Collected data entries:
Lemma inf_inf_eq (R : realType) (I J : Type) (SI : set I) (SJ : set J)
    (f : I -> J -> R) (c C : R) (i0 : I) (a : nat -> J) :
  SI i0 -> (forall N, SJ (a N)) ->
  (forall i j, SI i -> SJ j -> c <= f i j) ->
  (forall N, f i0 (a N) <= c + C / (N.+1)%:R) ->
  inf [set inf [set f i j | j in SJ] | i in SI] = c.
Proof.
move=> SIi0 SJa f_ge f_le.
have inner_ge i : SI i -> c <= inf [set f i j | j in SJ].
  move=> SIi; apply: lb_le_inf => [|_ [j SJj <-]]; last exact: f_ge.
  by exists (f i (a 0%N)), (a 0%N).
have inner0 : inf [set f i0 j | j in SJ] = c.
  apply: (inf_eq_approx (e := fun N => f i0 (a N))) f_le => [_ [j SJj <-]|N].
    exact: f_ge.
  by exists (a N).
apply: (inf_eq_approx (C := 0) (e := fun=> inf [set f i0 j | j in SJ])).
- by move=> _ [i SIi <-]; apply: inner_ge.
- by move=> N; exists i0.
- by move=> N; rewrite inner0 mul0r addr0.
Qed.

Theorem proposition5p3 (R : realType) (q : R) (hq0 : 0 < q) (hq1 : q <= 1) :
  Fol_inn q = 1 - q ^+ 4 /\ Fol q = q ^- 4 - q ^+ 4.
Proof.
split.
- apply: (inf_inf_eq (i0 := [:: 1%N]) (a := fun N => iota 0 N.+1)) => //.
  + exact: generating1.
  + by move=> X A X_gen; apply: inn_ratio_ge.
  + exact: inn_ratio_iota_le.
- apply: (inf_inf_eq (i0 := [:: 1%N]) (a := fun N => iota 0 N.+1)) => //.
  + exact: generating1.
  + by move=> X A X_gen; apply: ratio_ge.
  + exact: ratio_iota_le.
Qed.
--
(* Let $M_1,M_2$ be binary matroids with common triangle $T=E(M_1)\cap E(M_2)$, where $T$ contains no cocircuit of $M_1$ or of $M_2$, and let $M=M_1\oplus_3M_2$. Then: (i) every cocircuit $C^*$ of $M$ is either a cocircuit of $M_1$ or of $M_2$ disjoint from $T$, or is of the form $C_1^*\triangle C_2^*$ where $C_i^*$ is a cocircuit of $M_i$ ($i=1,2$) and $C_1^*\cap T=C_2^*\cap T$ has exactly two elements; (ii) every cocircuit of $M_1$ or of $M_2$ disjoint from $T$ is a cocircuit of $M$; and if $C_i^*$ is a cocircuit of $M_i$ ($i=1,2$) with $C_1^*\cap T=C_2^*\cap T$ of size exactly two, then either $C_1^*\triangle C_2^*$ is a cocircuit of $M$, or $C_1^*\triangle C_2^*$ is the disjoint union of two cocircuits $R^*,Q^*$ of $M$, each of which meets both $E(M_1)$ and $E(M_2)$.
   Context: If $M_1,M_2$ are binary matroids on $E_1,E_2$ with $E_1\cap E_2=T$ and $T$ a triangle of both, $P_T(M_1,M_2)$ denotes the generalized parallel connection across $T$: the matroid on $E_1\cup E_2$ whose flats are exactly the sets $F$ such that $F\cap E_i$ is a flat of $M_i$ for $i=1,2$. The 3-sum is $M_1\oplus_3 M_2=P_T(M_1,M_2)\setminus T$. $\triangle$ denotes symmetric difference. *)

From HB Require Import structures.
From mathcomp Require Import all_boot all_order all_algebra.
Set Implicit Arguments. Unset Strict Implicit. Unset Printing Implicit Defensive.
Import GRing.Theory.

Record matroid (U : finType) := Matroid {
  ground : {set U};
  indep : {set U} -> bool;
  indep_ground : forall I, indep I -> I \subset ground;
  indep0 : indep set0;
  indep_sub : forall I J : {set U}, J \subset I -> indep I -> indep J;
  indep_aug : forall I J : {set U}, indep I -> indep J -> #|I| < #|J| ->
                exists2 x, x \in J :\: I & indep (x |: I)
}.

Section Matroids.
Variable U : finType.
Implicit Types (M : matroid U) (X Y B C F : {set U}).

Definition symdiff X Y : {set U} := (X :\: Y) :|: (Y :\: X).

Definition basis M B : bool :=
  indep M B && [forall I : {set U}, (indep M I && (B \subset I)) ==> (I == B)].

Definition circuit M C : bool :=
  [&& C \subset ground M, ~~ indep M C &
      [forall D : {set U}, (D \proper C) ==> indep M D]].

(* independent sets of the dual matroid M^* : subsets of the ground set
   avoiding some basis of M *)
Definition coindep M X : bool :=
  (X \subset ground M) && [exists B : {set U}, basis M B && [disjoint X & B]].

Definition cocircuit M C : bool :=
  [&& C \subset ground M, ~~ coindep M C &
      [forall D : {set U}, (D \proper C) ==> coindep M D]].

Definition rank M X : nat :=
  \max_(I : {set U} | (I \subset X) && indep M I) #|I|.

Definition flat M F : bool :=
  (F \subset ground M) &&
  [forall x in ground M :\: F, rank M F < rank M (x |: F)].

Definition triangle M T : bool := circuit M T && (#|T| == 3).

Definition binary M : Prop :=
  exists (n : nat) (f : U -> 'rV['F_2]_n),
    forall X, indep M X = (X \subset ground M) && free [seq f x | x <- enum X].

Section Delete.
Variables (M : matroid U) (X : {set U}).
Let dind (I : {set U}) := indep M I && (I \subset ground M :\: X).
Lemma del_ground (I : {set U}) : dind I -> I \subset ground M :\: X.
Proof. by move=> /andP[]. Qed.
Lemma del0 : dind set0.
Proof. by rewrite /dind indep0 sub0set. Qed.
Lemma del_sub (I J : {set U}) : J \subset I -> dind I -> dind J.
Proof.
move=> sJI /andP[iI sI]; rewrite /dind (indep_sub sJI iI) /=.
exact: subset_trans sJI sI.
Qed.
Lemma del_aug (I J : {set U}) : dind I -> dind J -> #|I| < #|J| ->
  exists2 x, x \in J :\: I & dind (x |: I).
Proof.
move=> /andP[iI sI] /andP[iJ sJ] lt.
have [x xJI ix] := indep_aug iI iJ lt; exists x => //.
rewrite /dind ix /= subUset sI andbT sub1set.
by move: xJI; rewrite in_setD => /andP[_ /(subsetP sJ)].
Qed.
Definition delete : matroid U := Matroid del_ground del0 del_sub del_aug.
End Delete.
--
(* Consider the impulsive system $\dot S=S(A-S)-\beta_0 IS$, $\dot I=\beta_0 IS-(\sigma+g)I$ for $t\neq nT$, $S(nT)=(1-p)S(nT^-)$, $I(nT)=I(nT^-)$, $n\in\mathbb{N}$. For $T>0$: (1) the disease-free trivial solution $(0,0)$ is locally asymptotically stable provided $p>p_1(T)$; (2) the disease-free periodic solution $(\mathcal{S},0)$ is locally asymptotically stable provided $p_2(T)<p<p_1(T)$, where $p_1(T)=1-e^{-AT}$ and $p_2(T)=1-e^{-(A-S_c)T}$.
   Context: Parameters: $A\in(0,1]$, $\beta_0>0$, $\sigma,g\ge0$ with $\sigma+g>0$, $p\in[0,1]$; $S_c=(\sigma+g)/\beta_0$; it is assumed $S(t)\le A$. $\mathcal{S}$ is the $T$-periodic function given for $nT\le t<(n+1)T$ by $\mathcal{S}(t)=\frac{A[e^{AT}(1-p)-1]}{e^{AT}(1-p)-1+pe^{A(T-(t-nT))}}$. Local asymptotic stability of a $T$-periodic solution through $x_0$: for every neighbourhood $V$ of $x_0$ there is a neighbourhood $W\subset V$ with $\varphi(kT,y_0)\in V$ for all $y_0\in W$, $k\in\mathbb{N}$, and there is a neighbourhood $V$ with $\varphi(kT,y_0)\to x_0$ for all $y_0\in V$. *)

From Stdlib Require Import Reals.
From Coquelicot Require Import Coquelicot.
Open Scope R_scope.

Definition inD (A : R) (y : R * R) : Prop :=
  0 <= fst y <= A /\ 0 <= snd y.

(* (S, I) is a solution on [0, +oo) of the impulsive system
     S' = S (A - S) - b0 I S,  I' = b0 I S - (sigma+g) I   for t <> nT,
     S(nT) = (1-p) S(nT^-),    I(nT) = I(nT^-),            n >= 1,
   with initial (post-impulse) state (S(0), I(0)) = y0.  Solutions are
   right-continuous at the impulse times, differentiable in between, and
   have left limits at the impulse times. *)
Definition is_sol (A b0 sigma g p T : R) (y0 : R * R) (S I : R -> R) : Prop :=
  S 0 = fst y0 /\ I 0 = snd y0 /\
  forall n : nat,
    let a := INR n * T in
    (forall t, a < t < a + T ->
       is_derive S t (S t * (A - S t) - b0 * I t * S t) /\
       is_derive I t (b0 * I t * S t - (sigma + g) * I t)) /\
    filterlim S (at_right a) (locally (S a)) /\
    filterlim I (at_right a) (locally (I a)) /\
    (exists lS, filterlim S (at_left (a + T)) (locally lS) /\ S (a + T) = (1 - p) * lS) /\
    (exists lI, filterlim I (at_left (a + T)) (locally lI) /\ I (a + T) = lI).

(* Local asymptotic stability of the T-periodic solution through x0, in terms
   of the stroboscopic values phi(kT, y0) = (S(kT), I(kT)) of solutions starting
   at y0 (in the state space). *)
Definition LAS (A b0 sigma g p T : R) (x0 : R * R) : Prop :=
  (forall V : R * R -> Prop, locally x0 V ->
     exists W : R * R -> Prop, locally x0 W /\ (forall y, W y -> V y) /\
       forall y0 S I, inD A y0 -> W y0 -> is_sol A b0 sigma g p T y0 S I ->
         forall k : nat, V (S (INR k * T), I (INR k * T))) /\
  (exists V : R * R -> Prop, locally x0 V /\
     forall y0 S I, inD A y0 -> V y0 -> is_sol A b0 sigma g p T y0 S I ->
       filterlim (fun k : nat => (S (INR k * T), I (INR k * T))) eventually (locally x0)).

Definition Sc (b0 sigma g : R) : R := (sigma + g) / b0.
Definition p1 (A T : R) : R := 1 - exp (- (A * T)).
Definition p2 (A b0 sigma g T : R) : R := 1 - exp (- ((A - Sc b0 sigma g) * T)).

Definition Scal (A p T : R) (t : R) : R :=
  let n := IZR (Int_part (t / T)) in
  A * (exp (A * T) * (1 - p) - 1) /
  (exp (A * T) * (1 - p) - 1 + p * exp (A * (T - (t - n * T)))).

** Aim of the exercise **
Using the entries above, copy out all lines that contain the string "have".

** Task answer **
have inner_ge i : SI i -> c <= inf [set f i j | j in SJ].
have inner0 : inf [set f i0 j | j in SJ] = c.
have [x xJI ix] := indep_aug iI iJ lt; exists x => //.
   have left limits at the impulse times. *)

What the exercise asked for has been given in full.